# Anyone fished Broughton Creek @ Berry NSW



## yaksta (Oct 27, 2005)

Hi guys,
I was thinking of a paddle and fish in Broughton Creek. It's a feeder creek to the Shoalhaven system. I believe there is a boat ramp at the Berry end on Wharf rd and was wondering if anyone had been there or has any details on where to launch.
I believe that Bream & Flathead are the target species and any ideas on lures especially poppers would be appreciated.

Thanks
Wayne


----------



## grimo82 (Jan 16, 2007)

Hey mate,

I fished it about two weeks ago (put in at the berry ramp) and headed up stream. Tried some poppers early on with no sucess.

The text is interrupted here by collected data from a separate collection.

Lemma radius_ge_of_inside (rho : R) a :
  (forall x, 0 <= x < rho -> ex_series (fun n => a n * x ^ n)) -> Rbar_le rho (CV_radius a).
Proof.
  intros H; apply Rbar_not_lt_le; intros Hlt.
  pose proof (CV_radius_ge_0 a) as H0.
  destruct (CV_radius a) as [r| |] eqn:E; simpl in Hlt, H0; try contradiction.
  assert (Hx : 0 <= (r + rho) / 2 < rho) by lra.
  pose proof (radius_ge_of_ex_series a _ (H _ Hx)) as Hr.
  rewrite E, Rabs_pos_eq in Hr by lra; simpl in Hr; lra.
Qed.

Lemma radius_lt (rho : R) a x :
  Rbar_le rho (CV_radius a) -> Rabs x < rho -> Rbar_lt (Rabs x) (CV_radius a).
Proof. intros Ha Hx; exact (Rbar_lt_le_trans (Rabs x) rho _ Hx Ha). Qed.

Lemma radius_ge_finite (rho : R) a L :
  (forall n, (L < n)%nat -> a n = 0) -> Rbar_le rho (CV_radius a).
Proof.
  intros H; apply radius_ge_of_inside; intros x _.
  eexists; apply is_series_finite; intros n Hn; rewrite H by exact Hn; ring.
Qed.

Lemma radius_ge_plus (rho : R) a b :
  Rbar_le rho (CV_radius a) -> Rbar_le rho (CV_radius b) -> Rbar_le rho (CV_radius (PS_plus a b)).
Proof.
  intros Ha Hb; apply radius_ge_of_inside; intros x Hx.
  apply ex_pseries_R, ex_pseries_plus; apply CV_radius_inside;
    apply (radius_lt rho); auto; rewrite Rabs_pos_eq; lra.
Qed.

Lemma radius_ge_mult (rho : R) a b :
  Rbar_le rho (CV_radius a) -> Rbar_le rho (CV_radius b) -> Rbar_le rho (CV_radius (PS_mult a b)).
Proof.
  intros Ha Hb; apply radius_ge_of_inside; intros x Hx.
  apply ex_pseries_R, ex_pseries_mult; apply (radius_lt rho); auto; rewrite Rabs_pos_eq; lra.
Qed.

Lemma PSeries_trunc a n x : PSeries (trunc (S n) a) x = sum_f_R0 (fun j => a j * x ^ j) n.
Proof.
  rewrite (PSeries_finite _ n) by (intros j Hj; apply trunc_ge; lia).
  apply sum_eq; intros j Hj; now rewrite trunc_lt by lia.
Qed.

Lemma trunc_nonneg m a : (forall j, 0 <= a j) -> forall j, 0 <= trunc m a j.
Proof. intros Ha j; unfold trunc; destruct (Nat.ltb j m); [apply Ha | lra]. Qed.

Lemma radius_trunc (rho : R) m a : Rbar_le rho (CV_radius (trunc m a)).
Proof. apply (radius_ge_finite _ _ m); intros j Hj; apply trunc_ge; lia. Qed.

Lemma partial_sum_le_Series a n :
  (forall j, 0 <= a j) -> ex_series a -> sum_f_R0 a n <= Series a.
Proof.
  intros Ha He; rewrite (Series_incr_n a (S n)) by (auto with arith || lia); simpl pred.
  enough (0 <= Series (fun k => a (S n + k)%nat)) by lra.
  assert (Hz : Series (fun _ => 0) = 0)
    by exact (is_series_unique _ _ (is_series_finite (fun _ => 0) 0 (fun _ _ => eq_refl))).
  rewrite <- Hz.
  apply Series_le; [intros k; split; [lra | apply Ha] | now apply ex_series_incr_n].
Qed.

Lemma continuity_pt_ball f x0 eps :
  continuity_pt f x0 -> 0 < eps ->
  exists d, 0 < d /\ forall x, Rabs (x - x0) < d -> Rabs (f x - f x0) < eps.
Proof.
  intros Hc Heps; destruct (Hc eps Heps) as [d [Hd H]]; exists d; split; [exact Hd|].
  intros x Hx; destruct (Req_dec x x0) as [->|Hne]; [now rewrite Rminus_diag, Rabs_R0|].
  exact (H x (conj (conj I (not_eq_sym Hne)) Hx)).
Qed.

Lemma continuity_pt_pos_nbhd f x0 :
  continuity_pt f x0 -> 0 < f x0 -> exists d, 0 < d /\ forall x, Rabs (x - x0) < d -> 0 < f x.
Proof.
  intros Hc Hp; destruct (continuity_pt_ball f x0 (f x0) Hc Hp) as [d [Hd H]].
  exists d; split; [exact Hd|]; intros x Hx.
  specialize (H x Hx); apply Rabs_def2 in H; lra.
Qed.

Lemma continuity_pt_of_ex_derive (f : R -> R) x : ex_derive f x -> continuity_pt f x.
Proof. intros H; apply continuity_pt_filterlim, (ex_derive_continuous f x H). Qed.

(* Polynomials in a variable Z and the series variable T: [peval z t] evaluates at reals,
   [pcoef w] is the coefficient sequence of the power series obtained by substituting the
   series with coefficients [w] for Z. *)
Inductive pexpr : Type :=
  | PZ
  | PT
  | PC (c : R)
  | PAdd (e1 e2 : pexpr)
  | PMul (e1 e2 : pexpr).

Declare Scope pexpr_scope.
Delimit Scope pexpr_scope with P.
Bind Scope pexpr_scope with pexpr.
Arguments PC c%_R.
Infix "+" := PAdd : pexpr_scope.
Infix "*" := PMul : pexpr_scope.

Fixpoint PPow (e : pexpr) (k : nat) : pexpr :=
  match k with O => PC 1 | S k => e * PPow e k end.
Arguments PPow e%_P k%_nat.
Infix "^" := PPow : pexpr_scope.

Fixpoint peval (z t : R) (e : pexpr) : R :=
  match e with
  | PZ => z
  | PT => t
  | PC c => c
  | PAdd a b => peval z t a + peval z t b
  | PMul a b => peval z t a * peval z t b
  end.

Fixpoint pcoef (w : nat -> R) (e : pexpr) : nat -> R :=
  match e with
  | PZ => w
  | PT => ps_X
  | PC c => ps_const c
  | PAdd a b => PS_plus (pcoef w a) (pcoef w b)
  | PMul a b => PS_mult (pcoef w a) (pcoef w b)
  end.

Lemma pcoef_PPow w e k : pcoef w (e ^ k) = ps_pow (pcoef w e) k.
Proof. induction k as [|k IH]; simpl; [reflexivity | now rewrite IH]. Qed.

Lemma radius_pcoef (rho : R) w e :
  Rbar_le rho (CV_radius w) -> Rbar_le rho (CV_radius (pcoef w e)).
Proof.
  intros Hw; induction e; simpl.
  - exact Hw.
  - apply (radius_ge_finite _ _ 1); intros [|[|n]] Hn; reflexivity || lia.
  - apply (radius_ge_finite _ _ 0); intros [|n] Hn; reflexivity || lia.
  - now apply radius_ge_plus.
  - now apply radius_ge_mult.
Qed.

Headed up further and switched to plastics and SX40. Ended up with 1 flathead and 4 bream, all under size.


----------



## Jeffo (Sep 10, 2006)

Looking forward to giving it a go Sunday morning.

Cheers

Jeffo


----------



## Rebel 1 (Mar 27, 2007)

Hey jeffo, i fished it last sunday. I really wanted to test my poppers out, after an hour iwas ready to pack up.i decided to throw an sx40 out and ended up with 10 + bream and 3 bass. It was a great session anf i will probably try again next sunday if the fishing gods approve.


----------



## yaksta (Oct 27, 2005)

Hey Rebel,
Which sx40 did you use?
Jeffo & Grimo had success today with a 305 and I got nothing because I didn't have an sx40. (The lack of fishing skills may have also contributed)
But I've gotta get some of these sx40's.

Wayne


----------



## Rebel 1 (Mar 27, 2007)

could be a 407??? threw away the box and the lure has since been chewed a little. is a natural colour green on top and white\silver on the bottom. my mate and i are thinking about going this sundayif you are keen to try again? i cant commit til later this week


----------



## yaksta (Oct 27, 2005)

Hey Rebel,
Thanks for that mate. I'm placing an order in the next couple of days from Motackle and want to make sure I get the ones that get the fish.
Sorry can't make it Sunday but a mate & I are going on Monday so leave a few for us.

Wayne


----------